Cover trees are another possibility for a proximity structure. They don't support deletes (?), but you can soft delete and rebuild in the background to keep the garbage from piling up, which may be a useful technique for the other structures.
There's a reduction from the 2D circle problem to the 3D point problem with a funky metric that goes like this. (The proximity structures that you named should be adaptable.) Map a circle centered at (x, y) with radius r to the point (x, y, r). Define the length of a vector (dx, dy, dz) to be sqrt(dx**2 + dy**2) + abs(dz). This induces a metric. To find the circle nearest to a center (x, y) (the radius of the query circle is not relevant), do a proximity search at (x, y, R), where R is greater than or equal to the maximum radius of a circle (it may be possible to modify your proximity structure so that it's not necessary to track R).

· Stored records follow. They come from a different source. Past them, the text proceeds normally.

Lemma NF_le_one xi a b g : NF xi a b g -> Ole xi one -> Ole a OZ /\ Ole g OZ /\ Ole b one.
Proof.
  intros HNF Hx.
  assert (Ha : Ole a OZ).
  { destruct (Ole_or_Olt a OZ) as [H|H]; [exact H | exfalso].
    refine (Olt_irrefl one (Ole_trans _ _ _ _ Hx)).
    eapply Ole_trans; [exact (Ole_trans _ _ _ two_le_Omega (proj2 (mul_one_l _))) |].
    exact (Ole_trans _ _ _ (expO_mono _ _ H) (NF_expO_le _ _ _ _ HNF)). }
  split; [exact Ha | split].
  - apply Ole_S_inv; exact (Ole_trans _ _ _ (proj2 (proj2 (proj2 HNF))) (expO_mono _ _ Ha)).
  - exact (Ole_trans _ _ _ (NF_coef_le _ _ _ _ HNF) Hx).
Qed.

Lemma InC_le xi y : InC xi y -> (Ole xi OZ -> Ole y OZ) /\ (Ole xi one -> Ole y one).
Proof.
  induction 1 as [xi y Hxi Hy|xi a b g y HNF _ IH|xi a b g y HNF _ IH|xi a b g y HNF Hy];
    [split; intro; [exact Hy | exact (Ole_trans _ _ _ Hy (Ole_Z _))] |..];
    (split; intro Hx;
     [exfalso; exact (not_Ole_OS_OZ _ (Ole_trans _ _ _ (NF_ge_one _ _ _ _ HNF) Hx)) |
      destruct (NF_le_one _ _ _ _ HNF Hx) as (Ha & Hg & Hb)]).
  - exact (Ole_trans _ _ _ (proj1 IH Ha) (Ole_Z _)).
  - exact (Ole_trans _ _ _ (proj1 IH Hg) (Ole_Z _)).
  - exact (Ole_trans _ _ _ (proj1 Hy) Hb).
Qed.

Lemma star_le_OZ xi : Ole xi OZ -> Ole (star xi) OZ.
Proof.
  intro H; unfold star.
  refine (proj1 (InC_le _ _ (proj1 (the_spec (fun s => InC xi s /\ forall y, InC xi y -> Ole y s) _))) H).
  exists OZ; split; [apply InC_zero; [exact H | constructor] | intros y Hy; exact (proj1 (InC_le _ _ Hy) H)].
Qed.

Lemma star_le_one xi : Oeq xi one -> Ole (star xi) one.
Proof.
  intro H; unfold star.
  refine (proj2 (InC_le _ _ (proj1 (the_spec (fun s => InC xi s /\ forall y, InC xi y -> Ole y s) _))) (proj1 H)).
  assert (HNF : NF xi OZ one OZ).
  { split; [exact H | split; [apply Ole_refl | split; [apply two_le_Omega | apply Ole_refl]]]. }
  exists one; split.
  - eapply InC_b; [exact HNF | split; apply Ole_refl].
  - intros y Hy; exact (proj2 (InC_le _ _ Hy) (proj1 H)).
Qed.

Lemma InP_ge_one p : InP p -> Ole one p.
Proof. intros [_ [x Hx]]; exact (Ole_trans _ _ _ (exp_ge_one _ _ one_le_omega) (proj2 Hx)). Qed.

Lemma InP_gap p : InP p -> Ole p one \/ Ole omega p.
Proof.
  intros [_ [x Hx]]; destruct (Ole_or_Olt x OZ) as [H|H]; [left | right].
  - exact (Ole_trans _ _ _ (proj1 Hx) (exp_mono_r _ _ _ one_le_omega H)).
  - exact (Ole_trans _ _ _ (omega_le_exp_omega _ H) (proj2 Hx)).
Qed.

From my experience implementing kd-trees and Voronoi diagrams on points, it will be significantly easier to implement kd-trees from scratch. Even if you reuse someone else's robust geometric primitives (and please do, to save your sanity if you go this route), the degenerate edge cases of Voronoi/point location take time to get right.
I propose the following heuristic using a KD-Tree or something else that allows for O(log N) nearest neighbor. Instead of using a single point and a radius to represented a circle. Use k equidistant points on a circle itself, plus the center of the circle, otherwise you might have issues with a small circle inside of a large circle. It's the same the same idea as using a regular polygon of k vertices to represent a circle. It is then possible to take one vertex and find it's nearest neighbor (ignoring the vertices on the same circle) to find an approximation as to what is the closest circle based on the closest regular polygon.

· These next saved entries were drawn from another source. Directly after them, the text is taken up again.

Lemma integral_gfun_sqr m k :
  (\int[@lebesgue_measure R]_(x in `]0%R, 1%R[) ((gfun m.+1 k x) ^+ 2)%:E =
   (pi ^+ (2 * m) * (2^-1 * \prod_(i < m) ((m.+1 + k)%:R ^+ 2 - i.+1%:R ^+ 2)))%:E)%E.
Proof.
have [H dH <-] := @sin_chebS_sq_primitive R (m.+1 + k) m isT.
rewrite mulrBr.
transitivity (\int[@lebesgue_measure R]_(x in `]0%R, 1%R[)
    (pi ^+ (2 * m) * sin_chebS_sq (m.+1 + k) m x)%:E)%E.
  by apply: eq_integral => x; rewrite inE /= in_itv /= => x01; rewrite gfun_sqr.
apply: integral_itv_oo_primitive ltr01 _ (fun x => is_derive_scalef _ (dH x)).
by move=> x; apply: (@continuousM _ _ (cst _));
  [exact: cst_continuous | exact: continuous_sin_chebS_sq].
Qed.

End Integration.

Lemma prod_sqr_sub_fact (R : comNzRingType) m d :
  \prod_(i < m) ((m.+1 + d)%:R ^+ 2 - i.+1%:R ^+ 2) * (m.+1 + d)%:R * d`!%:R
  = (m.+1 + d + m)`!%:R :> R.
Proof.
elim: m d => [|m IH] d; first by rewrite big_ord0 mul1r addn0 add1n factS natrM.
have := IH d.+1; rewrite big_ord_recr /= => E.
have -> : (m.+2 + d = m.+1 + d.+1)%N by rewrite addnS.
have -> : (m.+1 + d.+1 + m.+1 = (m.+1 + d.+1 + m).+1)%N by rewrite addnS.
by rewrite factS natrM -E factS natrM !natrD; ring.
Qed.

Theorem mainTheorem7 (R : realType) (n k : nat) (hn : (2 <= n)%N) :
  (\int[(@lebesgue_measure R)]_(x in `]0%R, 1%R[) ((@gfun R n k x) ^+ 2)%:E
     = (2^-1 * pi ^+ (2 * n - 2) *
        \prod_(1 <= i < n) ((n + k)%:R ^+ 2 - i%:R ^+ 2))%:E)%E
  /\ 2^-1 * pi ^+ (2 * n - 2) *
        \prod_(1 <= i < n) ((n + k)%:R ^+ 2 - i%:R ^+ 2)
     = pi ^+ (2 * n - 2) * (2 * n + k - 1)`!%:R
       / (2 * (n + k)%:R * k`!%:R) :> R.
Proof.
case: n hn => [|m] // _.
have -> : (2 * m.+1 - 2 = 2 * m)%N by rewrite mulnS addKn.
rewrite big_add1 big_mkord /=; split.
  by rewrite integral_gfun_sqr; congr (_%:E); ring.
have -> : (2 * m.+1 + k - 1 = m.+1 + k + m)%N by lia.
rewrite -prod_sqr_sub_fact.
have : k`!%:R != 0 :> R by rewrite pnatr_eq0 -lt0n fact_gt0.
have : (m.+1 + k)%:R != 0 :> R by rewrite pnatr_eq0.
(* Generalized so that [field] keeps these denominators atomic. *)
move: (m.+1 + k)%:R (k`!%:R) => N K N_neq0 K_neq0.
by field; rewrite N_neq0 K_neq0.
Qed.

The performances are as followed:
Create the KD-Tree: O(kN log kN)
Remove/add Circle to KD-Tree: O(k log kN)
-Add or remove all k points of a circle within the KD-Tree
Nearest Circle query (Circle): O(k log kN)
-This is done by first removing all k points of the circle (O(k log kN)) as it's not terribly useful to find out that the nearest neighbor of a circle is unsurprisingly, the circle itself. Then for each k points in the circle, find the nearest neighbor (O(k log kN)). Once the nearest neighbors are found, the actual nearest (to within some error) is the the one with the smallest distance (after calculating the true distance based on point and radius) (O(1)).

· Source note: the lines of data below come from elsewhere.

(* Let $(a_0,a_2)$ be any one of the four pairs $$\Big(1+\tfrac{i}{2}-\tfrac{\sqrt3}{2},\,-i\Big),\ \Big(1+\tfrac{i}{2}+\tfrac{\sqrt3}{2},\,-i\Big),\ \Big(1-\tfrac{i}{2}-\tfrac{\sqrt3}{2},\,i\Big),\ \Big(1-\tfrac{i}{2}+\tfrac{\sqrt3}{2},\,i\Big).$$ Then the second-order recursion $$z_n = \frac{a_2 z_{n-2} + z_{n-1} + a_0}{z_{n-2}}$$ (that is, $z_n = \frac{-2i z_{n-2}+2z_{n-1}+(2\mp\sqrt3+i)}{2z_{n-2}}$ or $z_n = \frac{2i z_{n-2}+2z_{n-1}+(2\mp\sqrt3-i)}{2z_{n-2}}$) is periodic with period $12$: for the sequence defined from indeterminates $z_1,z_2$ one has $z_{13}=z_1$ and $z_{14}=z_2$ in $\mathbb{C}(z_1,z_2)$, hence $z_{n+12}=z_n$ for all $n\ge1$.
   Context: Let $z_1,z_2$ be independent indeterminates over $\mathbb{C}$, and define $z_n\in\mathbb{C}(z_1,z_2)$ for $n\ge3$ by the given recursion. A second-order recursion is periodic with period $k$ if all iterates are well-defined elements of $\mathbb{C}(z_1,z_2)$ (no denominator identically zero) and $z_{k+1}=z_1$, $z_{k+2}=z_2$; equivalently every complex sequence satisfying the recursion with no vanishing denominator satisfies $z_{n+k}=z_n$ for all $n$. *)

From HB Require Import structures.
From mathcomp Require Import all_boot all_order all_algebra.
From mathcomp Require Export complex.
From mathcomp Require Import Rstruct.
Set Implicit Arguments. Unset Strict Implicit. Unset Printing Implicit Defensive.
Import GRing.Theory Num.Theory.
Local Open Scope ring_scope.

Definition C : numClosedFieldType := complex Rdefinitions.R.

Definition Cz1z2 : fieldType := {fraction {poly {poly C}}}.

Definition z1 : Cz1z2 := FracField.tofrac (('X : {poly C})%:P).
Definition z2 : Cz1z2 := FracField.tofrac ('X : {poly {poly C}}).

Definition cst (c : C) : Cz1z2 := FracField.tofrac ((c%:P)%:P).

Definition sqrt3 : C := (real_complex Rdefinitions.R (Num.sqrt (3 : Rdefinitions.R))).
Definition iC : C := 'i.

(* The sequence z_n (n >= 1) of the recursion z_n = (a2 z_{n-2} + z_{n-1} + a0) / z_{n-2},
   from z_1 = z1, z_2 = z2.  Index 0 is an unused dummy (set to 0).
   zseq_pair n = (z_{n+1}, z_{n+2}). *)
Fixpoint zseq_pair (a0 a2 : C) (n : nat) : Cz1z2 * Cz1z2 :=
  match n with
  | 0 => (z1, z2)
  | n'.+1 => let (u, v) := zseq_pair a0 a2 n' in
             (v, (cst a2 * u + v + cst a0) / u)
  end.

Definition zseq (a0 a2 : C) (n : nat) : Cz1z2 :=
  match n with 0 => 0 | n'.+1 => (zseq_pair a0 a2 n').1 end.

(* periodicity with period k in C(z1,z2): all iterates well defined (the
   denominators z_1, z_2, ... are nonzero) and z_{k+1} = z_1, z_{k+2} = z_2 *)
Definition periodic_with (a0 a2 : C) (k : nat) : Prop :=
  (forall n, (1 <= n)%N -> zseq a0 a2 n != 0) /\
  zseq a0 a2 k.+1 = zseq a0 a2 1 /\ zseq a0 a2 k.+2 = zseq a0 a2 2.

From mathcomp Require Import all_boot all_order all_algebra.
From mathcomp Require Import ring zify.
Set Implicit Arguments. Unset Strict Implicit. Unset Printing Implicit Defensive.
Import GRing.Theory Num.Theory.
Local Open Scope ring_scope.

(* Write b = a2 and a = a0.  The four pairs are exactly b = -i or b = i with
   a = (2 - b + t) / 2 and t ^ 2 = 3, i.e. the solutions of b ^ 2 = -1 and
   a ^ 2 = (2 - b) a + b.  Over any field where these two relations hold, the
   iterates z_3, ..., z_12 of (x, y) are, up to unit constants, quotients
   f f' / (g g') taken from a list of seventeen polynomials of degree at most 2
   in x and y, found by factoring the iterates.  The recursion between
   consecutive closed forms then reduces to polynomial identities modulo the two
   relations, and the closed forms of z_13 and z_14 are x and y.  In C(z1, z2)
   none of the seventeen polynomials vanishes, since each one specializes to 1
   at a suitable point of C^2. *)

Section ClosedForm.
Variables (R : comNzRingType) (a b x y : R).

(* Indices beyond 16 give 1, so that statements can quantify over all [i]. *)
Definition zfactor (i : nat) : R :=
  match i with
  | 0 => x
  | 1 => y
  | 2 => b * x + y + a
  | 3 => b * x * y + (a + b) * x + y + a
  | 4 => (a + b - 1) * x + b * y + 1
  | 5 => y + a
  | 6 => (a * b - b) * x * y + (a * b - b - 1) * y + a * b - 1
  | 7 => a * x + (a - 1) * y + a + b - a * b
  | 8 => (a + b - 1) * x + (1 + b - a * b) * y + 1
  | 9 => (a * b - 1) * x * y + (a * b - 1) * x + b * y + a * b
  | 10 => x - b
  | 11 => (1 + b) * x * y + y ^+ 2 + x + (a + a * b - 2 * b) * y + a - 1
  | 12 => y - b
  | 13 => x ^+ 2 + (1 - b) * x * y + (a - a * b) * x - b * y - a * b
  | 14 => x * y + (1 + b - a * b) * x + (1 - b) * y - b
  | 15 => x + a * y + a - a * b
  | 16 => x + a
  | _ => 1
  end.

Local Notation f := zfactor.

Definition znum (n : nat) : R :=
  match n with
  | 1 | 13 => x
  | 2 | 14 => y
  | 3 => f 2
  | 4 => f 3
  | 5 => f 4 * f 5
  | 6 => f 6 * f 7
  | 7 => f 8 * f 9
  | 8 => - a * f 10 * f 11
  | 9 => - a * f 12 * f 13
  | 10 => (a + b) * f 14
  | 11 => f 15
  | 12 => f 16
  | _ => 0
  end.

Definition zden (n : nat) : R :=
  match n with
  | 3 => f 0
  | 4 => f 0 * f 1
  | 5 => f 1 * f 2
  | 6 => f 2 * f 3
  | 7 => f 3 * f 4
  | 8 => f 4 * f 6
  | 9 => f 6 * f 8
  | 10 => f 8 * f 10
  | 11 => f 10 * f 12
  | 12 => f 12
  | _ => 1
  end.

Hypotheses (hb : b ^+ 2 = -1) (ha : a ^+ 2 = (2 - b) * a + b).

Lemma zcross_recurrence n : (0 < n <= 12)%N ->
  znum n.+2 * znum n * zden n.+1 =
  zden n.+2 * (b * znum n * zden n.+1 + znum n.+1 * zden n + a * zden n * zden n.+1).
Proof.
case/andP; do 13?[case: n => [//|n]]; last by rewrite !ltnS ltn0.
all: by move=> _ _; rewrite /= /zfactor /=; ring: hb ha.
Qed.

End ClosedForm.

Arguments zfactor : simpl never.

Lemma rmorph_zfactor (R S : comNzRingType) (g : {rmorphism R -> S}) a b x y i :
  g (zfactor a b x y i) = zfactor (g a) (g b) (g x) (g y) i.
Proof.
by do 17?[case: i => [|i]];
  rewrite /zfactor /= ?(rmorphD, rmorphB, rmorphN, rmorphM, rmorphXn, rmorph1, rmorph_nat).
Qed.

Definition zfactor_point (R : comNzRingType) (a b : R) (i : nat) : R * R :=
  match i with
  | 0 => (1, 0)
  | 1 => (0, 1)
  | 2 | 3 | 5 => (0, 1 - a)
  | 6 => (0, b - a - a * b)
  | 7 => (0, b - 1)
  | 9 => (-1, 0)
  | 10 => (1 + b, 0)
  | 11 => (- a, 1 + b)
  | 12 => (0, 1 + b)
  | 13 => (0, b - a)
  | 14 => (0, b)
  | 15 => (1, b - 1)
  | 16 => (1 - a, 0)
  | _ => (0, 0)
  end.

Lemma zfactor_at_point (R : comNzRingType) (a b : R) i :
  b ^+ 2 = -1 -> a ^+ 2 = (2 - b) * a + b ->
  zfactor a b (zfactor_point a b i).1 (zfactor_point a b i).2 i = 1.
Proof. by move=> hb ha; do 17?[case: i => [|i]]; rewrite /zfactor /=; ring: hb ha. Qed.

Lemma iter_modn (T : Type) (g : T -> T) (k n : nat) (p : T) :
  iter k g p = p -> iter n g p = iter (n %% k) g p.
Proof. by move=> gkp; rewrite {1}(divn_eq n k) addnC iterD iterM (iter_fix _ gkp). Qed.

Lemma frac_recurrence (F : fieldType) (a b p q p1 q1 p2 q2 : F) :
  p != 0 -> q != 0 -> q1 != 0 -> q2 != 0 ->
  p2 * p * q1 = q2 * (b * p * q1 + p1 * q + a * q * q1) ->
  (b * (p / q) + p1 / q1 + a) / (p / q) = p2 / q2.
Proof.
move=> p0 q0 q10 q20 cross.
have -> : (b * (p / q) + p1 / q1 + a) / (p / q) =
          (b * p * q1 + p1 * q + a * q * q1) / (p * q1).
  by field; rewrite q10 p0 q0.
by apply/eqP; rewrite eqr_div ?mulf_neq0 // mulrA cross mulrC.
Qed.

Section Orbit.
Variables (F : fieldType) (a b : F).

Definition rec_step (p : F * F) : F * F := (p.2, (b * p.1 + p.2 + a) / p.1).

Hypotheses (hb : b ^+ 2 = -1) (ha : a ^+ 2 = (2 - b) * a + b).
Variables (x y : F).
Hypothesis zfactor_neq0 : forall i, zfactor a b x y i != 0.

Lemma zden_neq0 n : zden a b x y n != 0.
Proof. by do 13?[case: n => [|n]]; rewrite /= ?mulf_neq0 ?oner_neq0 ?zfactor_neq0. Qed.

Lemma znum_neq0 n : (0 < n < 15)%N -> znum a b x y n != 0.
Proof.
have a0 : a != 0.
  by rewrite -unitfE; apply/unitrPr; exists (1 + 2 * b - a * b); ring: hb ha.
have ab0 : a + b != 0.
  by rewrite -unitfE; apply/unitrPr; exists (a * b - 2 * b); ring: hb ha.
have x0 : x != 0 := zfactor_neq0 0.
have y0 : y != 0 := zfactor_neq0 1.
case/andP; do 15?[case: n => [//|n]]; last by rewrite !ltnS ltn0.
all: by move=> _ _; rewrite /= ?mulf_neq0 ?oppr_eq0 ?zfactor_neq0.
Qed.

Definition zfrac (n : nat) : F := znum a b x y n / zden a b x y n.

Lemma iter_rec_step_zfrac n : (n <= 12)%N -> iter n rec_step (x, y) = (zfrac n.+1, zfrac n.+2).
Proof.
elim: n => [|n IHn] hn; first by rewrite /zfrac /= !divr1.
rewrite iterS IHn; last exact: ltnW.
congr pair; apply: frac_recurrence; rewrite ?zden_neq0 //.
- by rewrite znum_neq0 //; lia.
- by apply: zcross_recurrence => //; lia.
Qed.

Lemma iter12_rec_step : iter 12 rec_step (x, y) = (x, y).
Proof. by rewrite iter_rec_step_zfrac // /zfrac /= !divr1. Qed.

Lemma iter_rec_step_neq0 n : (iter n rec_step (x, y)).1 != 0.
Proof.
have n12 : (n %% 12 < 12)%N by rewrite ltn_pmod.
rewrite (iter_modn _ iter12_rec_step) iter_rec_step_zfrac; last exact: ltnW.
by rewrite mulf_neq0 ?invr_eq0 ?zden_neq0 // znum_neq0 //; lia.
Qed.

End Orbit.

Lemma cstE (c : C) : cst c = (@FracField.tofrac _ \o @polyC {poly C} \o @polyC C) c.
Proof. by []. Qed.

Lemma zfactor_z1z2_neq0 (a b : C) i :
  b ^+ 2 = -1 -> a ^+ 2 = (2 - b) * a + b -> zfactor (cst a) (cst b) z1 z2 i != 0.
Proof.
move=> hb ha; set P := zfactor (a%:P%:P) (b%:P%:P) ('X%:P) 'X i.
have -> : zfactor (cst a) (cst b) z1 z2 i = FracField.tofrac P by rewrite rmorph_zfactor.
rewrite tofrac_eq0; apply: contra_neq (oner_neq0 C) => P0.
case: (zfactor_point a b i) (zfactor_at_point i hb ha) => x0 y0 /= <-.
have := congr1 (horner_eval x0 \o horner_eval y0%:P) P0.
by rewrite rmorph_zfactor rmorph0 /= /horner_eval /= !hornerE.
Qed.

Lemma zseq_pairE (a0 a2 : C) n :
  zseq_pair a0 a2 n = iter n (rec_step (cst a0) (cst a2)) (z1, z2).
Proof. by elim: n => //= n ->; case: (iter n _ _). Qed.

Lemma zseqE (a0 a2 : C) n :
  zseq a0 a2 n.+1 = (iter n (rec_step (cst a0) (cst a2)) (z1, z2)).1.
Proof. by rewrite -zseq_pairE. Qed.

Lemma periodic_with_12 (a b : C) : b ^+ 2 = -1 -> a ^+ 2 = (2 - b) * a + b ->
  periodic_with a b 12 /\ (forall n, (1 <= n)%N -> zseq a b (n + 12) = zseq a b n).
Proof.
move=> hb ha.
have hb' : cst b ^+ 2 = -1 by rewrite !cstE -rmorphXn hb rmorphN1.
have ha' : cst a ^+ 2 = (2 - cst b) * cst a + cst b.
  by rewrite !cstE -rmorphXn ha rmorphD rmorphM rmorphB rmorph_nat.
have hf i := zfactor_z1z2_neq0 i hb ha.
have per := iter12_rec_step hb' ha' hf.
split; [split; [|split]|].
- by case=> // n _; rewrite zseqE iter_rec_step_neq0.
- by rewrite !zseqE per.
- by rewrite !zseqE iterS per.
- by case=> // n _; rewrite addSn !zseqE iterD per.
Qed.

Lemma sqrt3_sqr : sqrt3 ^+ 2 = 3.
Proof. by rewrite /sqrt3 -rmorphXn sqr_sqrtr ?ler0n // rmorph_nat. Qed.

Theorem mainTheorem2 (a0 a2 : C) :
  (a0, a2) \in [:: (1 + iC / 2 - sqrt3 / 2, - iC);
                   (1 + iC / 2 + sqrt3 / 2, - iC);
                   (1 - iC / 2 - sqrt3 / 2, iC);
                   (1 - iC / 2 + sqrt3 / 2, iC)] ->
  periodic_with a0 a2 12 /\
  (forall n, (1 <= n)%N -> zseq a0 a2 (n + 12) = zseq a0 a2 n).
Proof.
have hi : iC ^+ 2 = -1 := sqrCi _.
have hs := sqrt3_sqr.
have h2 : (2 : C) != 0 by rewrite pnatr_eq0.
by rewrite !inE => /or4P[] /eqP[-> ->]; apply: periodic_with_12; field: hi hs.
Qed.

I'd suggest either using k = log(N) if you prefer it to be fast or k = sqrt(N) if you prefer it to be accurate.
Also, it's possible I haven't considered some special case that causes issues, so watch out for them.
If there is a guarantee that circles don't have large radius, at least that maximum radius (R) is significantly smaller than area where circles are positioned, than I think it can be covered with standard space partitioning and nearest neighbour search.
When searching for circle in a set that has minimal distance to given circle, than radius of given circle doesn't matter (distance definition.) Because of that it is same if only center (point) is compared to set of circles.
With that it is enough to store set of circles in space partition structure only by there centers (set of points.) Circle adding and deleting is done in standard way for points. Finding of nearest circle to given point can be done in two step:
find nearest center to given point P. Say circle C with center c and radius r.
center of circle that is closer to P, by your distance, can be only in ring around P with inner radius r and outer radius R-d(P,c). It is enough to search partitions that intersect that ring for candidates.
It is possible to optimize search by combining these two steps. In first step, some of partitions of interest are already visited. By storing which partitions are visited, and circle with minimal distance found in these partitions, search in second step can be reduced.
Thanks to #David Eisenstadt for the idea of a 3d search structure. This is part of the best answer, though his strange metric is not needed.
The key is to look in detail at how nearest neighbor search works. I'll show this for quadrees. Kd-trees with k=3 are similar. Here is pseudocode:
# Let nearest_info be a record containing the current nearest neighbor (or nil
# if none yet) and the distance from point to that nearest neighbor.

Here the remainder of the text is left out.